Print the data below exactly, but only the lines from the one containing "have Nc1_gt0 : 0" down to the one containing "rewrite (_ : N%:R", inclusive.

Start of Block

Lemma ler_dist_ratio (R : realFieldType) (x y s t m c D E : R) :
  0 < m -> m <= s -> m <= t -> `|y| <= c -> `|x - y| <= D -> `|s - t| <= E ->
  `|x / s - y / t| <= D / m + c * E / m ^+ 2.
Proof.
move=> m0 ms mt yc xyD stE.
have s0 : 0 < s := lt_le_trans m0 ms.
have t0 : 0 < t := lt_le_trans m0 mt.
have -> : x / s - y / t = (x - y) / s + y * (t - s) / (s * t).
  by field; rewrite !gt_eqF.
apply: le_trans (ler_normD _ _) (lerD _ _).
  rewrite normrM normfV (gtr0_norm s0).
  by apply: ler_pM; rewrite ?invr_ge0 ?(ltW s0) ?lef_pV2 ?posrE.
rewrite !normrM normfV (gtr0_norm (mulr_gt0 s0 t0)) distrC.
apply: ler_pM; first exact: mulr_ge0.
- by rewrite invr_ge0 mulr_ge0 ?ltW.
- exact: ler_pM.
- by rewrite lef_pV2 ?posrE ?exprn_gt0 ?mulr_gt0 // expr2 ler_pM ?(ltW m0).
Qed.

Definition Delta_diff (R : realType) (N d : nat) (Z Zb : config R N d) (n : nat)
  (i j : 'I_N) : 'rV[R]_d := Delta Z n i j - Delta Zb n i j.

Section Weights.
Variables (R : realType) (N d : nat) (a : R -> R) (c1 c2 La : R).
Hypothesis N_gt0 : (0 < N)%N.
Hypothesis c1_gt0 : 0 < c1.
Hypothesis La_ge0 : 0 <= La.
Hypothesis a_bounds : forall r, 0 <= r -> c1 <= a r <= c2.
Hypothesis a_lipschitz :
  forall r1 r2, 0 <= r1 -> 0 <= r2 -> `|a r1 - a r2| <= La * `|r1 - r2|.
Variables (X : config R N d) (n : nat).

Lemma phi_lip_ge0 : 0 <= phi_lip N La c1 c2.
Proof.
have /andP[c1_a0 a0_c2] := a_bounds (lexx 0).
by rewrite /phi_lip !mulr_ge0 ?invr_ge0 ?mulr_ge0 ?addr_ge0 ?divr_ge0 // ltW //;
  apply: lt_le_trans (le_trans c1_a0 a0_c2).
Qed.

Lemma mt_denom_ge i : N%:R * c1 <= \sum_k a (enorm (X n i - X n k)).
Proof.
have : \sum_(k < N) c1 <= \sum_k a (enorm (X n i - X n k)).
  by apply: ler_sum => k _; have /andP[] := a_bounds (enorm_ge0 (X n i - X n k)).
by rewrite sumr_const card_ord mulr_natl.
Qed.

Lemma mt_phi_sum1 i : \sum_l mt_phi a X n i l = 1.
Proof.
rewrite /mt_phi -mulr_suml divff // gt_eqF // (lt_le_trans _ (mt_denom_ge i)) //.
by rewrite mulr_gt0 ?ltr0n.
Qed.

Lemma a_dist_lipschitz i j l :
  `|a (enorm (X n i - X n l)) - a (enorm (X n j - X n l))| <= La * enorm (X n i - X n j).
Proof.
apply: le_trans (a_lipschitz (enorm_ge0 _) (enorm_ge0 _)) _.
rewrite ler_wpM2l //; apply: le_trans (ler_enorm_dist _ _) _.
by rewrite opprB addrA subrK.
Qed.

Lemma mt_phi_lipschitz i j l :
  `|mt_phi a X n i l - mt_phi a X n j l| <= phi_lip N La c1 c2 * enorm (X n i - X n j).
Proof.
set e := enorm (X n i - X n j).
have Nc1_gt0 : 0 < N%:R * c1 by rewrite mulr_gt0 ?ltr0n.
have /andP[c1_a a_c2] := a_bounds (enorm_ge0 (X n j - X n l)).
have denom_dist : `|\sum_k a (enorm (X n i - X n k)) - \sum_k a (enorm (X n j - X n k))|
    <= N%:R * (La * e).
  rewrite -sumrB; apply: le_trans (ler_norm_sum _ _ _) _.
  rewrite (_ : N%:R * _ = \sum_(k < N) La * e); last by rewrite sumr_const card_ord mulr_natl.
  by apply: ler_sum => k _; exact: a_dist_lipschitz.
apply: le_trans (ler_dist_ratio (c := c2) Nc1_gt0 (mt_denom_ge i) (mt_denom_ge j) _
  (a_dist_lipschitz i j l) denom_dist) _.
  by rewrite ger0_norm // (le_trans (ltW c1_gt0)).
rewrite le_eqVlt; apply/orP; left; apply/eqP.
rewrite /phi_lip /e; field; by rewrite pnatr_eq0 -lt0n N_gt0 gt_eqF.
Qed.

Lemma sum_sqr_weight_diff_le (P : 'I_N -> 'I_N -> pred 'I_N)
    (W : 'I_N -> 'I_N -> 'rV[R]_d) :
  \sum_i \sum_j enorm (\sum_(l | P i j l) (mt_phi a X n i l - mt_phi a X n j l) *: W l i) ^+ 2
  <= phi_lip N La c1 c2 ^+ 2 * N%:R * frob (Delta X n) ^+ 2 * frob W ^+ 2.
Proof.
have L0 := phi_lip_ge0.
set L := phi_lip N La c1 c2 in L0 *.
set C := L ^+ 2 * N%:R * frob W ^+ 2.
have entry_le i j : enorm (\sum_(l | P i j l)
    (mt_phi a X n i l - mt_phi a X n j l) *: W l i) ^+ 2 <= C * enorm (Delta X n i j) ^+ 2.
  apply: le_trans (sqr_enorm_sum_scale_le _ _ _ (mt_phi_lipschitz i j)) _.
    by rewrite mulr_ge0 ?enorm_ge0.
  rewrite (_ : C * _ = (L * enorm (Delta X n i j)) ^+ 2 * N%:R * frob W ^+ 2);
    last by rewrite /C; ring.
  rewrite /Delta -/L; apply: ler_wpM2l; [by rewrite mulr_ge0 ?sqr_ge0 ?ler0n | exact: sum_col_le_frob].
apply: le_trans (_ : \sum_i \sum_j C * enorm (Delta X n i j) ^+ 2 <= _).
  by apply: ler_sum => i _; apply: ler_sum => j _; exact: entry_le.
rewrite (_ : _ * frob W ^+ 2 = C * frob (Delta X n) ^+ 2); last by rewrite /C; ring.
by rewrite frob_sqr mulr_sumr; under [X in _ <= X]eq_bigr do rewrite mulr_sumr.
Qed.

Lemma frob_weight_diff_le (W : 'I_N -> 'I_N -> 'rV[R]_d) :
  frob (fun i j => \sum_l (mt_phi a X n i l - mt_phi a X n j l) *: W l i)
  <= phi_lip N La c1 c2 * N%:R * frob (Delta X n) * frob W.
Proof.
apply: ler_sqrtr_of_sqr.
  by rewrite mulr_ge0 ?frob_ge0 // mulr_ge0 ?frob_ge0 // mulr_ge0 ?ler0n // phi_lip_ge0.
apply: le_trans (sum_sqr_weight_diff_le (fun _ _ _ => true) W) _.
rewrite (_ : (_ * N%:R * _ * _) ^+ 2 = phi_lip N La c1 c2 ^+ 2 * N%:R *
    frob (Delta X n) ^+ 2 * frob W ^+ 2 * N%:R); last by ring.
apply: ler_peMr; last by rewrite ler1n.
by rewrite mulr_ge0 ?sqr_ge0 // mulr_ge0 ?sqr_ge0 // mulr_ge0 ?sqr_ge0 ?ler0n.
Qed.

Lemma sqr_le_alpha i j : (1 - mt_phi a X n i j - mt_phi a X n i i) ^+ 2 <= alpha a X n.
Proof.
apply: le_trans (le_bigmax 0 (fun j' => (1 - mt_phi a X n i j' - mt_phi a X n i i) ^+ 2) j) _.
exact: (le_bigmax 0 (fun i' => \big[Num.max/0]_(j' < N)
  (1 - mt_phi a X n i' j' - mt_phi a X n i' i') ^+ 2) i).
Qed.

Lemma sum_mt_phi_off_pair i j : i != j ->
  \sum_(l | (l != i) && (l != j)) mt_phi a X n j l = 1 - mt_phi a X n j i - mt_phi a X n j j.
Proof.
move=> ij; rewrite -(mt_phi_sum1 j) [in RHS](bigD1 i) //= [in RHS](bigD1 j) 1?eq_sym //=.
ring.
Qed.

Lemma I2_split (Y V Vb : config R N d) (kappa h : R) i j :
  I2 kappa h a Y V X Vb n i j = (h * kappa) *:
    (\sum_(l | (l != i) && (l != j))
        (mt_phi a X n i l - mt_phi a X n j l) *: Delta_diff V Vb n l i
     - (\sum_(l | (l != i) && (l != j)) mt_phi a X n j l) *: Delta_diff V Vb n i j).
Proof.
rewrite /I2; congr (_ *: _); rewrite scaler_suml -sumrB; apply: eq_bigr => l _.
by apply/rowP => m; rewrite /Delta_diff /Delta !mxE; ring.
Qed.

Lemma sum_sqr_off_pair_le (V Vb : config R N d) :
  \sum_i \sum_j enorm ((\sum_(l | (l != i) && (l != j)) mt_phi a X n j l)
                      *: Delta_diff V Vb n i j) ^+ 2
  <= alpha a X n * frob (Delta_diff V Vb n) ^+ 2.
Proof.
rewrite frob_sqr mulr_sumr; apply: ler_sum => i _; rewrite mulr_sumr.
apply: ler_sum => j _; have [<-|ij] := eqVneq i j.
  by rewrite /Delta_diff /Delta !subrr scaler0 enorm0 expr0n /= mulr0.
rewrite enormZ exprMn real_normK ?num_real // ler_wpM2r ?sqr_ge0 //.
by rewrite sum_mt_phi_off_pair // sqr_le_alpha.
Qed.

End of Block

Answer to the problem >>
have Nc1_gt0 : 0 < N%:R * c1 by rewrite mulr_gt0 ?ltr0n.
have /andP[c1_a a_c2] := a_bounds (enorm_ge0 (X n j - X n l)).
have denom_dist : `|\sum_k a (enorm (X n i - X n k)) - \sum_k a (enorm (X n j - X n k))|
    <= N%:R * (La * e).
  rewrite -sumrB; apply: le_trans (ler_norm_sum _ _ _) _.
  rewrite (_ : N%:R * _ = \sum_(k < N) La * e); last by rewrite sumr_const card_ord mulr_natl.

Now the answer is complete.